Every line in the data below from the one containing "exists y1 y2" down to the one containing "by rewrite /qnorm; ring: two0.", both included, must be retyped exactly; no other line is to appear.

════════

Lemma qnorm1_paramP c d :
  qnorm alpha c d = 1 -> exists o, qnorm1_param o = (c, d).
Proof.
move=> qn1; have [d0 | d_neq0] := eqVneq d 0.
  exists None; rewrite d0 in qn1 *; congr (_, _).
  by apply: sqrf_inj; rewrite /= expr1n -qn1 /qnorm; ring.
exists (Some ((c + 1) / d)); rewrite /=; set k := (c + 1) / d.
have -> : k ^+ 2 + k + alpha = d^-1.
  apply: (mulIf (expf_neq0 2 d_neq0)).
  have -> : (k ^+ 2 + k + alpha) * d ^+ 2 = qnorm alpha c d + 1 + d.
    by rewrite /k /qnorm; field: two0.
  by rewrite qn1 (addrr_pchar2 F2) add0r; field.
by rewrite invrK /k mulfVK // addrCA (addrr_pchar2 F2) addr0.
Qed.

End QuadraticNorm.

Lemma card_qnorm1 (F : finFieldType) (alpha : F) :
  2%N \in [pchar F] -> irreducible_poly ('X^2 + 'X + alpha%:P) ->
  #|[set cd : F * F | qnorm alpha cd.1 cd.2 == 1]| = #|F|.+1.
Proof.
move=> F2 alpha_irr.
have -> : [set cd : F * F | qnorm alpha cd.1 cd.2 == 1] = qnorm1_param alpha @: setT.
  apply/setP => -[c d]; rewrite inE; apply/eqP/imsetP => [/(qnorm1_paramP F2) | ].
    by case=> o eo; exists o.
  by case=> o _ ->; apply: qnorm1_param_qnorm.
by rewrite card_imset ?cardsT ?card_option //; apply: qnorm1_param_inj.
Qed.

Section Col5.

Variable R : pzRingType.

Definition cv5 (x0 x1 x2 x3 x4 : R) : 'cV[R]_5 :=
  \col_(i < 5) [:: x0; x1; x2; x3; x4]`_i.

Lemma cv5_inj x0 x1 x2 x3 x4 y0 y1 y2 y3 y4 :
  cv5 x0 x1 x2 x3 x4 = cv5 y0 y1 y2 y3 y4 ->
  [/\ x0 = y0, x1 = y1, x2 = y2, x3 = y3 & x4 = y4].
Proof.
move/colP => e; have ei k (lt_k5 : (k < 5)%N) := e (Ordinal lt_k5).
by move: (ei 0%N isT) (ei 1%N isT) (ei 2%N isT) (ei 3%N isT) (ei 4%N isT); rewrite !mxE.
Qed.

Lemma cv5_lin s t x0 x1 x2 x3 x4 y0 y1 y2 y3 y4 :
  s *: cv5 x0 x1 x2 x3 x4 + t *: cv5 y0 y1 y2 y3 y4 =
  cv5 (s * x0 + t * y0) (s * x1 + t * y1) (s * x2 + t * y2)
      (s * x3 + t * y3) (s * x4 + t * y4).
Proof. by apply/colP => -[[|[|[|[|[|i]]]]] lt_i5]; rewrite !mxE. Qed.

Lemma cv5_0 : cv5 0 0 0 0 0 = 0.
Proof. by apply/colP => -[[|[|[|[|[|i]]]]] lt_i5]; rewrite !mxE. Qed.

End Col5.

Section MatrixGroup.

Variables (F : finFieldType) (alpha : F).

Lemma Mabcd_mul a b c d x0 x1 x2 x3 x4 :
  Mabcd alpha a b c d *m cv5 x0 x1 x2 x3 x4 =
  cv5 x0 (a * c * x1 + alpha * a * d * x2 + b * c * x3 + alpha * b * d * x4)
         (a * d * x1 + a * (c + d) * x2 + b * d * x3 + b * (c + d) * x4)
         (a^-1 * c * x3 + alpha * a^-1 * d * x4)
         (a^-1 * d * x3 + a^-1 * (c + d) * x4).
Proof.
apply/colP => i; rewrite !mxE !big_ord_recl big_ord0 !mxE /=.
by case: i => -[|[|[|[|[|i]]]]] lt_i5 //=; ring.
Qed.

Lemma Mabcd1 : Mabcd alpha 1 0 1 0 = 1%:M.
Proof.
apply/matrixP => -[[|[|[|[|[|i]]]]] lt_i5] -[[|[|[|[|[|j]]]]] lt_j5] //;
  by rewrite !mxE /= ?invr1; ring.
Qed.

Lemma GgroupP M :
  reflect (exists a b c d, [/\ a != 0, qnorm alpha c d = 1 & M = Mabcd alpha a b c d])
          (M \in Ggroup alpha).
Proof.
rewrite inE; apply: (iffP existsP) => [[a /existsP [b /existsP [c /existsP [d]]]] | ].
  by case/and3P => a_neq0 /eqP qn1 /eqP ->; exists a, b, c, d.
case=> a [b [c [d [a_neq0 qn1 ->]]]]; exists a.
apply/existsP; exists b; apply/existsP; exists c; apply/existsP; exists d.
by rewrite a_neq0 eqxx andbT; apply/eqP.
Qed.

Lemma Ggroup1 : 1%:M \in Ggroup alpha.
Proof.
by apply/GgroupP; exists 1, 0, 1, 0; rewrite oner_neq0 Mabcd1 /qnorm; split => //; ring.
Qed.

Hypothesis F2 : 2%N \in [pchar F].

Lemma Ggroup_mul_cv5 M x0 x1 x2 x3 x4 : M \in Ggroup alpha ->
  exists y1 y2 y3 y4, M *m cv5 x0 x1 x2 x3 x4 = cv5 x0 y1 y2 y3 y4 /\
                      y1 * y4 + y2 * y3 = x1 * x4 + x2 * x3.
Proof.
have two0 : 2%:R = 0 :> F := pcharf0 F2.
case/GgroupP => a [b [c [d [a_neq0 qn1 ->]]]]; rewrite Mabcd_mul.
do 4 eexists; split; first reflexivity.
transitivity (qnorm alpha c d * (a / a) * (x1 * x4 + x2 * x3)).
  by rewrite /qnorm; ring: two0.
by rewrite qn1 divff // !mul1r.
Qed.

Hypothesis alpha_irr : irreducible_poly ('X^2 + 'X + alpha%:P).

════════

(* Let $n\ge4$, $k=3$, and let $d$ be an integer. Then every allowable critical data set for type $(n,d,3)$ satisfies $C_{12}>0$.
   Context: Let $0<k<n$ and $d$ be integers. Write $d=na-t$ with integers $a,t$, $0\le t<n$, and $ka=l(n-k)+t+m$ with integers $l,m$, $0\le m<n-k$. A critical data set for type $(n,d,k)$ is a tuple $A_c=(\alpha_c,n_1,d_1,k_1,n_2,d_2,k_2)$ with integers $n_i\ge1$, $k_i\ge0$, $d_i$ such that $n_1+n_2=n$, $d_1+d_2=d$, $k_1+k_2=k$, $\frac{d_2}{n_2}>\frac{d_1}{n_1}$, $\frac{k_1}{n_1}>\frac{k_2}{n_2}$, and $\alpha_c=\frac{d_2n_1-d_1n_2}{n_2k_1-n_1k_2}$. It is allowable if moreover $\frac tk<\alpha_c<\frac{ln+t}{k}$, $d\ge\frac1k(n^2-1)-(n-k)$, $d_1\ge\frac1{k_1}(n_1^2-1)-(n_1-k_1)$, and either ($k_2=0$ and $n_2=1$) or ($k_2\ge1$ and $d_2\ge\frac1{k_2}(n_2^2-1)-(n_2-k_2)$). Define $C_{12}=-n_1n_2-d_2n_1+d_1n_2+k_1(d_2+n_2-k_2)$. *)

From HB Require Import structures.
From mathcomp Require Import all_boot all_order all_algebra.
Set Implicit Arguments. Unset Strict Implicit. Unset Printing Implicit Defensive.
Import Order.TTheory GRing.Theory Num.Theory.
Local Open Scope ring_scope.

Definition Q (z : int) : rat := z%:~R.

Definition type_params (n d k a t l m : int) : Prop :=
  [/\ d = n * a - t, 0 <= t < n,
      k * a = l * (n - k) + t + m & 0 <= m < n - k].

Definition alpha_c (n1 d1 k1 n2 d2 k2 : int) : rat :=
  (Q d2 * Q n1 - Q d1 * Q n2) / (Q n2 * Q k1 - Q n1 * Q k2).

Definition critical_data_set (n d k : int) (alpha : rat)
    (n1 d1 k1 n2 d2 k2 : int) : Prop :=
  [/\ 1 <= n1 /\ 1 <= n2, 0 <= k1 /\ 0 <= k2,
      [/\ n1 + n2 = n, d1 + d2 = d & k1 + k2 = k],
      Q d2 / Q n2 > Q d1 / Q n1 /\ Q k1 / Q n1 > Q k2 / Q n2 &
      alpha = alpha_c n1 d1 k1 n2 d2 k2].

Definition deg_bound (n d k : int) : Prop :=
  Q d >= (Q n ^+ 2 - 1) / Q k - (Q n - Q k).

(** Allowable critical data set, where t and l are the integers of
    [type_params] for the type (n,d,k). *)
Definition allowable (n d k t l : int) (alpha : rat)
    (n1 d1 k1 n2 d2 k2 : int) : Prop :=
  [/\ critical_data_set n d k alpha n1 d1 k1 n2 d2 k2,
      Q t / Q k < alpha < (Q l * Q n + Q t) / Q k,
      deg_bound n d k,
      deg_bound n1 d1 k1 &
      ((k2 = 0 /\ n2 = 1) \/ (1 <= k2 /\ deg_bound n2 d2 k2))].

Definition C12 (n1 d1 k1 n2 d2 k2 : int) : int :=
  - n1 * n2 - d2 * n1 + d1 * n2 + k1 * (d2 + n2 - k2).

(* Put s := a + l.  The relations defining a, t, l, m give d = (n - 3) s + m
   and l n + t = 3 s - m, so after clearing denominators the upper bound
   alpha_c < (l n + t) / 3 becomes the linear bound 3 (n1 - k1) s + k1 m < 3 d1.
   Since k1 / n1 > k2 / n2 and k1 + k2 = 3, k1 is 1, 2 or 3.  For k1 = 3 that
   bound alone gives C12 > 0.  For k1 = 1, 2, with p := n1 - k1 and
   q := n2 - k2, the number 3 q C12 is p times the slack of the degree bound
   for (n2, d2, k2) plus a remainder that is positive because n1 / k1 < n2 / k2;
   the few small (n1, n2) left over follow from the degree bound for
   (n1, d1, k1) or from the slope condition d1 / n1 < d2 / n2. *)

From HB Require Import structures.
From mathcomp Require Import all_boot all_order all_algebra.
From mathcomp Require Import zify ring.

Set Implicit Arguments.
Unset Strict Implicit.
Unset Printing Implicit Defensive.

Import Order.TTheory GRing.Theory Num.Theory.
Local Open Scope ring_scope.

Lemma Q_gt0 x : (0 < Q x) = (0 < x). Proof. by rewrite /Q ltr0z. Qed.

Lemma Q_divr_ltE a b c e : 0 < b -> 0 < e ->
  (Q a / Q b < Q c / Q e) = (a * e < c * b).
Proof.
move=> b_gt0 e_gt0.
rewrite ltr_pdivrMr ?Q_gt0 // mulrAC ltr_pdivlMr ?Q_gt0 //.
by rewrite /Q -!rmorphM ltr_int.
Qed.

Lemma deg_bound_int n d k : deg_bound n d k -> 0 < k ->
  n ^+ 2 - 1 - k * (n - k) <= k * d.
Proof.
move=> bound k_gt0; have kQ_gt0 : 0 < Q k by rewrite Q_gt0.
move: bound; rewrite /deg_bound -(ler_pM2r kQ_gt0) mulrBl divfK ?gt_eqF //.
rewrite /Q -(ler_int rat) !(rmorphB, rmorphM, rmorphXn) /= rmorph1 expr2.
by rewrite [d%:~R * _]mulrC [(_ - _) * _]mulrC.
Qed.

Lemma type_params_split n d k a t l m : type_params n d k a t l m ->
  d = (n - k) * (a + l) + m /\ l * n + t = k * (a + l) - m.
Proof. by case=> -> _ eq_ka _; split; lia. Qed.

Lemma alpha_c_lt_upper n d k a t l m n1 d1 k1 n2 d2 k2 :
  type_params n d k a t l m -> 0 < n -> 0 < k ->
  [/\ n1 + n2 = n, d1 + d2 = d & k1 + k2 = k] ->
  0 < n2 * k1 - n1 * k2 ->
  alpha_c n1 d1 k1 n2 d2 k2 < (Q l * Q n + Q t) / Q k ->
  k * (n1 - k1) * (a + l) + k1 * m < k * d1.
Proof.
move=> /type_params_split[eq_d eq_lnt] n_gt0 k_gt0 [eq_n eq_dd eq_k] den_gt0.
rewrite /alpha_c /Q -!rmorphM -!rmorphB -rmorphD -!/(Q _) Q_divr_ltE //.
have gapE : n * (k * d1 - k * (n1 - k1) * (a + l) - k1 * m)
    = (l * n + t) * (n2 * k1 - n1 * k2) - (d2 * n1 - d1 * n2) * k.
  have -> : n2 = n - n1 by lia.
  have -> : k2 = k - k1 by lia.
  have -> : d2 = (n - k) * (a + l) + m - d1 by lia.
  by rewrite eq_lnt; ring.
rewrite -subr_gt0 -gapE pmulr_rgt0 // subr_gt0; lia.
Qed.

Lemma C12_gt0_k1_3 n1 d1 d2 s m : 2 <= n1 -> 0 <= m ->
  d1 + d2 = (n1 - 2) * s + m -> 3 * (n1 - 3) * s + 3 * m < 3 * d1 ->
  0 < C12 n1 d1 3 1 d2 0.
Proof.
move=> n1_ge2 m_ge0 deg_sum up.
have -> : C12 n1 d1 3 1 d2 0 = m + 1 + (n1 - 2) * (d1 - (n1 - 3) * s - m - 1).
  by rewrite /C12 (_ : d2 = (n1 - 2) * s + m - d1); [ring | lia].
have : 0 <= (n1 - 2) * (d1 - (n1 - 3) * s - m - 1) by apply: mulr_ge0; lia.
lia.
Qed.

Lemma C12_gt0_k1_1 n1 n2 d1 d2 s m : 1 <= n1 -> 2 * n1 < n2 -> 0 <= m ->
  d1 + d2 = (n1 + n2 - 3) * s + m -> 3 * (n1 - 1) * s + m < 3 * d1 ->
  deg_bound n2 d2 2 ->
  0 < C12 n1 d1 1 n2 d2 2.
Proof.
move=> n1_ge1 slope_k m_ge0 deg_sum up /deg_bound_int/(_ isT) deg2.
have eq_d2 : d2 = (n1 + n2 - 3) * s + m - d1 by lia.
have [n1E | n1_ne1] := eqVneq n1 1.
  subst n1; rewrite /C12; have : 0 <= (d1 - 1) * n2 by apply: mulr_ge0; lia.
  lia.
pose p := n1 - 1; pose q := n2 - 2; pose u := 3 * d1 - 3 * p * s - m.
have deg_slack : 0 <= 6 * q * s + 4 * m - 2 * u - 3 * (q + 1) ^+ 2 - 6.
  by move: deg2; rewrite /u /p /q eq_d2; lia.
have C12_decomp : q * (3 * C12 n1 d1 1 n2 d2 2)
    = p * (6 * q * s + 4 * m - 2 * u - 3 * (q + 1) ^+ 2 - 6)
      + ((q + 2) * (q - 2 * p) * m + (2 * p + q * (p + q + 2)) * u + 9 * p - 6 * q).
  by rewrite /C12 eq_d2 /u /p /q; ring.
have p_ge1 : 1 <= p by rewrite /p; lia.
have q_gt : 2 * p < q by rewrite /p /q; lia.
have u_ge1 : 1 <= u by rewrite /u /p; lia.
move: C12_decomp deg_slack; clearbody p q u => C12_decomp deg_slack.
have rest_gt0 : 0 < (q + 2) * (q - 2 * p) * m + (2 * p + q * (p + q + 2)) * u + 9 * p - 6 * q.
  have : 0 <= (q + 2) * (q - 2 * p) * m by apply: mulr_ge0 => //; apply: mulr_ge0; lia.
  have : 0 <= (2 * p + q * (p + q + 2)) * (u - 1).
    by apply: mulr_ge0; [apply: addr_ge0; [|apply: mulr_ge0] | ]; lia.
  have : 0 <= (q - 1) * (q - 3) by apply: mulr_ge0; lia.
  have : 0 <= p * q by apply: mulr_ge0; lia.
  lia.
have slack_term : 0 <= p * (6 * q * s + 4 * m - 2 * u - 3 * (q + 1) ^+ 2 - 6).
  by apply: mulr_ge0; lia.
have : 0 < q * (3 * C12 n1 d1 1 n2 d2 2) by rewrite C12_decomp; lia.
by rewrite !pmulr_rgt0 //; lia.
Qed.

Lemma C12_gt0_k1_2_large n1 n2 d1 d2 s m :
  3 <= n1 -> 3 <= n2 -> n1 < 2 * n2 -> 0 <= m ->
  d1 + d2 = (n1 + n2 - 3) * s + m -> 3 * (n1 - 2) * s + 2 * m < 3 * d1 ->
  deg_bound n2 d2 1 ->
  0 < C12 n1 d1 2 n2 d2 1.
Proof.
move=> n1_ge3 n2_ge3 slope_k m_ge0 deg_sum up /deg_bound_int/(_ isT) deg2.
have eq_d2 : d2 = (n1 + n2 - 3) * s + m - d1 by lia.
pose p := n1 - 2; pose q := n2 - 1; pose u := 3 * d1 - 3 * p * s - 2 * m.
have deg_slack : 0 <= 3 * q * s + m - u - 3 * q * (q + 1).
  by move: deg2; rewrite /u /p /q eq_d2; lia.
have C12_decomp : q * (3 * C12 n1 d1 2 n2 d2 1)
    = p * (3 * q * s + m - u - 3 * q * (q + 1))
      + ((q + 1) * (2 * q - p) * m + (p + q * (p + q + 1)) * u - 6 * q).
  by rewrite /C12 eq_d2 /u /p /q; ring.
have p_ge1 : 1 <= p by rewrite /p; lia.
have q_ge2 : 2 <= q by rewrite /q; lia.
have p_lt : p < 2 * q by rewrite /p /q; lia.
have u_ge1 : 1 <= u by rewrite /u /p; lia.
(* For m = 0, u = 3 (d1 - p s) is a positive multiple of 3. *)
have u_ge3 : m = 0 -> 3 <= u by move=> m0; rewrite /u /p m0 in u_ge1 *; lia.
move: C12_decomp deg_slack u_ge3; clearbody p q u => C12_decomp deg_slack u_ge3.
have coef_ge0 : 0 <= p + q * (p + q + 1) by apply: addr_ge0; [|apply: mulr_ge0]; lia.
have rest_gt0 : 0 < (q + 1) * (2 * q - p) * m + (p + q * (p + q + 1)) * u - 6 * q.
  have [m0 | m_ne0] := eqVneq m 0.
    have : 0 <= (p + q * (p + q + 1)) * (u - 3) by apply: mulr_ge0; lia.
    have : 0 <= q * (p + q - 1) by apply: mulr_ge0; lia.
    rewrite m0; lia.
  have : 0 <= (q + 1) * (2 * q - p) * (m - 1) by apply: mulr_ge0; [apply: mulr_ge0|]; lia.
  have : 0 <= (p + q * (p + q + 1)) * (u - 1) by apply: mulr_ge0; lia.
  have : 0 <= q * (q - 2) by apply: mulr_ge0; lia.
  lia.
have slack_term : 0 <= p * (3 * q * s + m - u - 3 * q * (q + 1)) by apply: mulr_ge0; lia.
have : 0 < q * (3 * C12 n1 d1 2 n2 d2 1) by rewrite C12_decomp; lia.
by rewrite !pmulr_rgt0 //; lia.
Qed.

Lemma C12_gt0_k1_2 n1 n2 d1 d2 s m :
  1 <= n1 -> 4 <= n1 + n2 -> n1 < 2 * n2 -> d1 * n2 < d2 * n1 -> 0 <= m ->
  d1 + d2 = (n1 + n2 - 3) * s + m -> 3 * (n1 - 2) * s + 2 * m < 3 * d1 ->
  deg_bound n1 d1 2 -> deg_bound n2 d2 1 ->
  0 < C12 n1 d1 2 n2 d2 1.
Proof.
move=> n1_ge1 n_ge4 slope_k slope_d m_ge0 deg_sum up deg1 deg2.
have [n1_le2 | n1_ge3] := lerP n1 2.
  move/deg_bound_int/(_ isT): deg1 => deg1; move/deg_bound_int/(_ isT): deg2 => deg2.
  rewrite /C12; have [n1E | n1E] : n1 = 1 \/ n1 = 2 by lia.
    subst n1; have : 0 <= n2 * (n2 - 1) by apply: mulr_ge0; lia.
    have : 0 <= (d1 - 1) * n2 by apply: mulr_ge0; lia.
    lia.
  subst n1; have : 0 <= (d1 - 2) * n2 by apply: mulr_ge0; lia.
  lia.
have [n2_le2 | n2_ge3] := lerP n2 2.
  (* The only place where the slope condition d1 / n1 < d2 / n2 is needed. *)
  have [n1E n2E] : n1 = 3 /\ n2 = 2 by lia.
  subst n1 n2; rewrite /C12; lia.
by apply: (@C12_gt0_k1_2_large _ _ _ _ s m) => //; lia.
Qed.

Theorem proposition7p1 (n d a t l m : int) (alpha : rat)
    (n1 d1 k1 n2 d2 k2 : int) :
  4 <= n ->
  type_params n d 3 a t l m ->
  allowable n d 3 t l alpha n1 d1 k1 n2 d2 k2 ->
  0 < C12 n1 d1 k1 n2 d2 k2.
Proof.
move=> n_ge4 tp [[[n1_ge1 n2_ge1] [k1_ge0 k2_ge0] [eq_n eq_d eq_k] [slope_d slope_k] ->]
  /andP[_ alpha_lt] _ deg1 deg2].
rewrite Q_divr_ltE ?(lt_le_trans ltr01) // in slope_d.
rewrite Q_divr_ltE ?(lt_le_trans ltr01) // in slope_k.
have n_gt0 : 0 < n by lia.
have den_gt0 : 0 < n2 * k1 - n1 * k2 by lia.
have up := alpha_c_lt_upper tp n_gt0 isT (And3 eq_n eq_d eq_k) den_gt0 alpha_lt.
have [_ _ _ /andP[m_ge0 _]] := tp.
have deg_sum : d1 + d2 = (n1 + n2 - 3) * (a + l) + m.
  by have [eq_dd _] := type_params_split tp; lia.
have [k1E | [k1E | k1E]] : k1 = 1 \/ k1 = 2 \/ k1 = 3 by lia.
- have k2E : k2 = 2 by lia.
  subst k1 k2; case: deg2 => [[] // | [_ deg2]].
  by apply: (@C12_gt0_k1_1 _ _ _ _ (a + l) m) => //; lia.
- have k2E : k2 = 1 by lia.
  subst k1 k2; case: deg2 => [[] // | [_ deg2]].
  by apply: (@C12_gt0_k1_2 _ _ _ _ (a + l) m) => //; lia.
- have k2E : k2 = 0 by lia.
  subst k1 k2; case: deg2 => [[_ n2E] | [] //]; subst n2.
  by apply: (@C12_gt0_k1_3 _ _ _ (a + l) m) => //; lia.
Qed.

════════

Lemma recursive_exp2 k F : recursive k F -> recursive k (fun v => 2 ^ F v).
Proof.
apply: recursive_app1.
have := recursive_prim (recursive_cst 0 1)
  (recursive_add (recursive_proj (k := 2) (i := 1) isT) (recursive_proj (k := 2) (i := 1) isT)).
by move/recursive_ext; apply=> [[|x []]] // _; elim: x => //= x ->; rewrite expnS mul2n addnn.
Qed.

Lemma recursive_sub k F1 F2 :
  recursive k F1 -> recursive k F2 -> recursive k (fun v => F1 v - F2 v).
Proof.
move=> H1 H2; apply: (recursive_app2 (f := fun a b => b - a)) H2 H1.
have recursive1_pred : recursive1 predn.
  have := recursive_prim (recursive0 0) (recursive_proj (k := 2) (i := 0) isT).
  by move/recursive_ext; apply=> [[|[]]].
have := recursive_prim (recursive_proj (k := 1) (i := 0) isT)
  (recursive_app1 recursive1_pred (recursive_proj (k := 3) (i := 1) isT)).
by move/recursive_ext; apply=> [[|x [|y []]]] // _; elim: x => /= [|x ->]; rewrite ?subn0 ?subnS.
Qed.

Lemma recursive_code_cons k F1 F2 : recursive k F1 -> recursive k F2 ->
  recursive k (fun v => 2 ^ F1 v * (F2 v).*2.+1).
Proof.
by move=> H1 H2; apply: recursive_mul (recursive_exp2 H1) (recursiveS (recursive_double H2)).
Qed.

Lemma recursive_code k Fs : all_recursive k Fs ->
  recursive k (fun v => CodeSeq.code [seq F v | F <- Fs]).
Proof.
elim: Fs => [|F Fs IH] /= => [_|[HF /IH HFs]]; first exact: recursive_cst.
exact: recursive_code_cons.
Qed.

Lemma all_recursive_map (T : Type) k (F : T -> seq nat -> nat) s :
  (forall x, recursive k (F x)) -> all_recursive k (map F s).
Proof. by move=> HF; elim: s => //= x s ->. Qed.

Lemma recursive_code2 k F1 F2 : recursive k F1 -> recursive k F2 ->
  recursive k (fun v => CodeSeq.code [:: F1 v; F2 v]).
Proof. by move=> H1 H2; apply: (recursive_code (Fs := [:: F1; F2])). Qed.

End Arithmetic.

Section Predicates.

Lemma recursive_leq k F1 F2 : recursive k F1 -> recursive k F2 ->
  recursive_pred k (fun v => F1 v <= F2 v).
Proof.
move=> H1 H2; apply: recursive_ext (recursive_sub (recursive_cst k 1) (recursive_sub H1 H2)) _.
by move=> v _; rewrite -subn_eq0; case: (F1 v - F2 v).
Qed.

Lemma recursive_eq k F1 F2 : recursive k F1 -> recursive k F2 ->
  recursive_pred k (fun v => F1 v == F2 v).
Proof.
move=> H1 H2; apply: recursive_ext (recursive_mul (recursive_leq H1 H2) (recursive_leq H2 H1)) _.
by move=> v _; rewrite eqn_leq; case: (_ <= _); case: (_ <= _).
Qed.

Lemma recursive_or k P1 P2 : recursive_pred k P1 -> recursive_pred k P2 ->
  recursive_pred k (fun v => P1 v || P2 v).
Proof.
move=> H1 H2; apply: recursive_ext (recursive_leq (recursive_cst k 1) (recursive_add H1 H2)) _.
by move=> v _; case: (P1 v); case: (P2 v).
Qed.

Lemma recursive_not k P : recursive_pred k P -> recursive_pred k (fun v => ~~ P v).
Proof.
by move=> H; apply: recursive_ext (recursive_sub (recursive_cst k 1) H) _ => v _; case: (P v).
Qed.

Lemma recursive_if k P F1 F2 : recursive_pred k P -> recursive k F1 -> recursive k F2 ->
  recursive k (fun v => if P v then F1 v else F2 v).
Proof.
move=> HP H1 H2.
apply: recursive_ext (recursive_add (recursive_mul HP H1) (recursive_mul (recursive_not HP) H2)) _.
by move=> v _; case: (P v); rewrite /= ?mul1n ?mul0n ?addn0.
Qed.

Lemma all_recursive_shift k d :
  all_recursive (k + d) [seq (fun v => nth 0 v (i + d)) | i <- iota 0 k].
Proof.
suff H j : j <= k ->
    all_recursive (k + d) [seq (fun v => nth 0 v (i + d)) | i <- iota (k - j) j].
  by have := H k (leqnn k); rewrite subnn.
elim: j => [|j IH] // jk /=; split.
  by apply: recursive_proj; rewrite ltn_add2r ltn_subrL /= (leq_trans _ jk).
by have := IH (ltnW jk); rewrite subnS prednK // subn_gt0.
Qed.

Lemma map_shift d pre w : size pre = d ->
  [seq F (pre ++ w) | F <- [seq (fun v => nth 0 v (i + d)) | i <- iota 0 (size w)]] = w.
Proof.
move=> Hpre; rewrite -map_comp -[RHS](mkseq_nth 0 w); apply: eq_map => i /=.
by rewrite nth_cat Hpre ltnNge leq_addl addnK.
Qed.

════════

Written answer »
  exists y1 y2 y3 y4, M *m cv5 x0 x1 x2 x3 x4 = cv5 x0 y1 y2 y3 y4 /\
                      y1 * y4 + y2 * y3 = x1 * x4 + x2 * x3.
Proof.
have two0 : 2%:R = 0 :> F := pcharf0 F2.
case/GgroupP => a [b [c [d [a_neq0 qn1 ->]]]]; rewrite Mabcd_mul.
do 4 eexists; split; first reflexivity.
transitivity (qnorm alpha c d * (a / a) * (x1 * x4 + x2 * x3)).
  by rewrite /qnorm; ring: two0.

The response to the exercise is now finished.